The Social Dance: Communication, Trust, and Relational Dynamics
The encounter between human and horse is, at its essence, a dialogue without words. The horse does not respond to instruction but to information, to the nuanced choreography of space, posture, rhythm, and energy. What emerges between horse and human is a social dance—a process of shared meaning-making rooted in mutual perception (Smith, 2015). This dance informs the relational underpinnings of leadership in HRD: influence arises not from authority, but from the quality of interaction that the leader sustains.
Sociologically, this dynamic echoes symbolic interactionism (Goffman, 1959; Mead, 1934), which posits that all social order is constructed through interpretation and response. Every movement of the horse—ears forward, tail flick, a step away or toward—constitutes a communicative act, just as the horseman’s gestures and tone signal intent. Each participant constructs meaning from the other’s conduct, and through this reciprocal process, a shared reality surfaces. When the horseman’s cues are inconsistent or emotionally misaligned, the horse hesitates; when they are clear, coherent, and compassionate, the horse relaxes into safety. The process mirrors how people in organizations interpret the leader’s “signals”—tone, transparency, and emotional consistency—as indicators of whether they are safe to engage (Williams et al., 2022).
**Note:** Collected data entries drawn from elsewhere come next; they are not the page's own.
Theorem theorem4p14 (R : realType) (F : fieldType)
  (X : finType) (dX : X -> X -> R) (Y : finType) (dY : Y -> Y -> R)
  (DX DY : seq (\bar R * \bar R)) :
  is_metric dX -> is_metric dY ->
  is_dgm0 F dX DX -> is_dgm0 F dY DY ->
  (dB DX DY <= dI (betti0 F dX) (betti0 F dY))%E.
Proof.
move=> [dX0 _ _] [dY0 _ _] dgmX dgmY.
have dX_refl x : dX x x = 0 by apply/dX0.
have dY_refl y : dY y y = 0 by apply/dY0.
apply: le_ereal_inf_tmp => _ [e [e_ge0 interleaved] <-].
apply: dB_le_of_count_shift => //.
- exact: dgm0_birth0 dgmX.
- exact: dgm0_birth0 dgmY.
- exact: dgm0_death_gt0 dgmX.
- exact: dgm0_death_gt0 dgmY.
- move=> t t_ge0; have te_ge0 : 0 <= t + e by rewrite addr_ge0.
  rewrite (count_death_gt dY_refl dgmY te_ge0).
  rewrite (count_death_gt dX_refl dgmX t_ge0).
  exact: (interleaved t t_ge0).1.
- move=> t t_ge0; have te_ge0 : 0 <= t + e by rewrite addr_ge0.
  rewrite (count_death_gt dX_refl dgmX te_ge0).
  rewrite (count_death_gt dY_refl dgmY t_ge0).
  exact: (interleaved t t_ge0).2.
Qed.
To train—or rather, to partner—with a horse requires immersion in the horse’s semiotics. It demands what Merleau-Ponty (1962) called embodied knowing, a phenomenological awareness in which understanding arises through the body rather than abstract thought. The horseman learns to feel the horse’s micro-movements, to sense tension in the air, to anticipate shifts in balance and energy. This learning is tacit, somatic, and experiential—the kind of knowledge Polanyi (1966) described as “we know more than we can tell.” In this respect, Natural Horsemanship functions as an embodied pedagogy, inviting the horseman (and leader) to reconnect cognition and sensation, intellect and empathy.
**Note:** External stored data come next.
Lemma staircase_step s : (exists S0, P S0 && (S0 \notin s)) ->
  exists S, [&& P S, S \notin s & (#|S :\: cover s| <= 1)%N].
Proof.
move=> [S0 /andP[P_S0 S0_notin_s]].
have [/existsP[S escapes_S] | covered] :=
  boolP [exists S, P S && ~~ (S \subset cover s)].
  have [S' /andP[P_S' /eqP card_S']] := P_extendable (ex_intro _ S escapes_S).
  exists S'; rewrite P_S' card_S' leqnn andbT /=.
  apply: contraTN isT => /sub_cover; rewrite -setD_eq0 => /eqP S'_empty.
  by move: card_S'; rewrite S'_empty cards0.
exists S0; rewrite P_S0 S0_notin_s /=.
have : S0 \subset cover s.
  by apply: contraR covered => h; apply/existsP; exists S0; rewrite P_S0 h.
by rewrite -setD_eq0 => /eqP ->; rewrite cards0.
Qed.

Lemma staircase_completion n s : (#|[set S | P S & S \notin s]| <= n)%N ->
  uniq s -> all P s -> staircase s -> msp_support P.
Proof.
elim: n s => [|n IH] s missing_s uniq_s all_P stair_s.
  exists s; split => // S; apply/idP/idP => [/(allP all_P) //|P_S].
  apply: contraLR missing_s => S_notin_s; rewrite -ltnNge card_gt0.
  by apply/set0Pn; exists S; rewrite inE P_S S_notin_s.
have [/existsP missing | complete] := boolP [exists S, P S && (S \notin s)]; last first.
  exists s; split => // S; apply/idP/idP => [/(allP all_P) //|P_S].
  by apply: contraR complete => S_notin_s; apply/existsP; exists S; rewrite P_S S_notin_s.
have [S /and3P[P_S S_notin_s new_S]] := staircase_step missing.
apply: (IH (rcons s S)); last 3 first.
- by rewrite rcons_uniq S_notin_s uniq_s.
- by rewrite all_rcons P_S all_P.
- exact: staircase_rcons.
rewrite -ltnS; apply: leq_trans missing_s; apply: proper_card.
rewrite properE; apply/andP; split.
  by apply/subsetP => T; rewrite !inE mem_rcons in_cons negb_or => /andP[-> /andP[_ ->]].
apply/subsetPn; exists S; first by rewrite inE P_S S_notin_s.
by rewrite inE mem_rcons mem_head andbF.
Qed.

Lemma msp_support_of_extendable : msp_support P.
Proof. exact: (@staircase_completion _ [::]). Qed.

End Staircase.

Lemma spinN (R : realType) b : spin (~~ b) = - spin b :> R.
Proof. by case: b; rewrite /spin ?opprK. Qed.

Lemma spin_mul_self (R : realType) b : spin b * spin b = 1 :> R.
Proof. by case: b; rewrite /spin ?mulrNN mulr1. Qed.

Lemma sum_prod_subset (R : comNzRingType) (I : finType) (K : {set I}) (a : I -> R) :
  \sum_(S : {set I} | S \subset K) \prod_(j in S) a j = \prod_(j in K) (1 + a j).
Proof.
have -> : \prod_(j in K) (1 + a j) = \prod_j ((if j \in K then a j else 0) + 1).
  by rewrite big_mkcond; apply: eq_bigr => j _; case: ifP => _; rewrite ?add0r // addrC.
rewrite bigA_distr big_mkcond /=; apply: eq_big => // S _.
case: ifPn => [S_sub_K | /subsetPn[j j_in_S j_notin_K]].
  by rewrite big_mkcond; apply: eq_bigr => j _; case: ifP => // /(subsetP S_sub_K) ->.
by rewrite (bigD1 j) //= j_in_S (negbTE j_notin_K) mul0r.
Qed.

Section Cells.
Variables (R : realType) (d : nat).
Local Notation pt := {ffun 'I_d -> bool}.
Local Notation chi := (@chi R d).
Local Notation coord := (@Pilot.Defs.coord R d).
Implicit Types (J U V S : {set 'I_d}) (w x y z : pt) (k : 'I_d) (C : {set pt}).

Definition flip k x : pt := [ffun j => if j == k then ~~ x j else x j].

Lemma flipK k : involutive (flip k).
Proof.
by move=> x; apply/ffunP => j; rewrite !ffunE; case: eqP => // _; rewrite negbK.
Qed.

Lemma mem_flip_cell J z k x : k \notin J -> (flip k x \in cell J z) = (x \in cell J z).
Proof.
move=> k_notin_J; rewrite !inE; apply: eq_forallb => j; rewrite ffunE.
by case: (eqVneq j k) => [->|//]; rewrite (negbTE k_notin_J).
Qed.

Lemma cell_center J z : z \in cell J z.
Proof. by rewrite inE; apply/forallP => j; apply/implyP. Qed.

Lemma cell_card_gt0 J z : (0 < #|cell J z|)%N.
Proof. by apply/card_gt0P; exists z; exact: cell_center. Qed.

Lemma cell_subset J U z w : w \in cell J z -> cell (J :|: U) w \subset cell J z.
Proof.
rewrite inE => /forallP w_in; apply/subsetP => x; rewrite !inE => /forallP x_in.
apply/forallP => j; apply/implyP => j_in_J.
by have := x_in j; rewrite inE j_in_J => /eqP ->; have := w_in j; rewrite j_in_J.
Qed.

Lemma sum_cell_odd J z k (g : pt -> R) : k \notin J ->
  {in cell J z, forall x, g (flip k x) = - g x} -> \sum_(x in cell J z) g x = 0.
Proof.
move=> k_notin_J g_odd.
have : \sum_(x in cell J z) g x = \sum_(x in cell J z) g (flip k x).
  rewrite (reindex_inj (can_inj (flipK k))) /=.
  by apply: eq_bigl => x; rewrite mem_flip_cell.
rewrite (eq_bigr _ g_odd) sumrN; lra.
Qed.

Lemma chi0 x : chi set0 x = 1.
Proof. by rewrite /chi big_set0. Qed.

Lemma chi_flip V k x : k \in V -> chi V (flip k x) = - chi V x.
Proof.
move=> k_in_V; rewrite /chi !(bigD1 k k_in_V) /= ffunE eqxx spinN mulNr.
congr (- (_ * _)); apply: eq_bigr => j /andP[_ j_neq_k].
by rewrite ffunE (negbTE j_neq_k).
Qed.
Bourdieu’s (1977) notion of habitus—the system of embodied dispositions that shape social behavior—provides another interpretive lens. A skilled horseman carries an embodied habitus of calm, rhythm, and responsiveness; through repeated interaction, this habitus becomes second nature. Similarly, effective leaders cultivate an embodied repertoire of behaviors that convey trustworthiness, openness, and attunement. These are not learned through formal instruction but through lived experience and reflection—precisely the territory HRD inhabits (Davies & Wilson, 2003).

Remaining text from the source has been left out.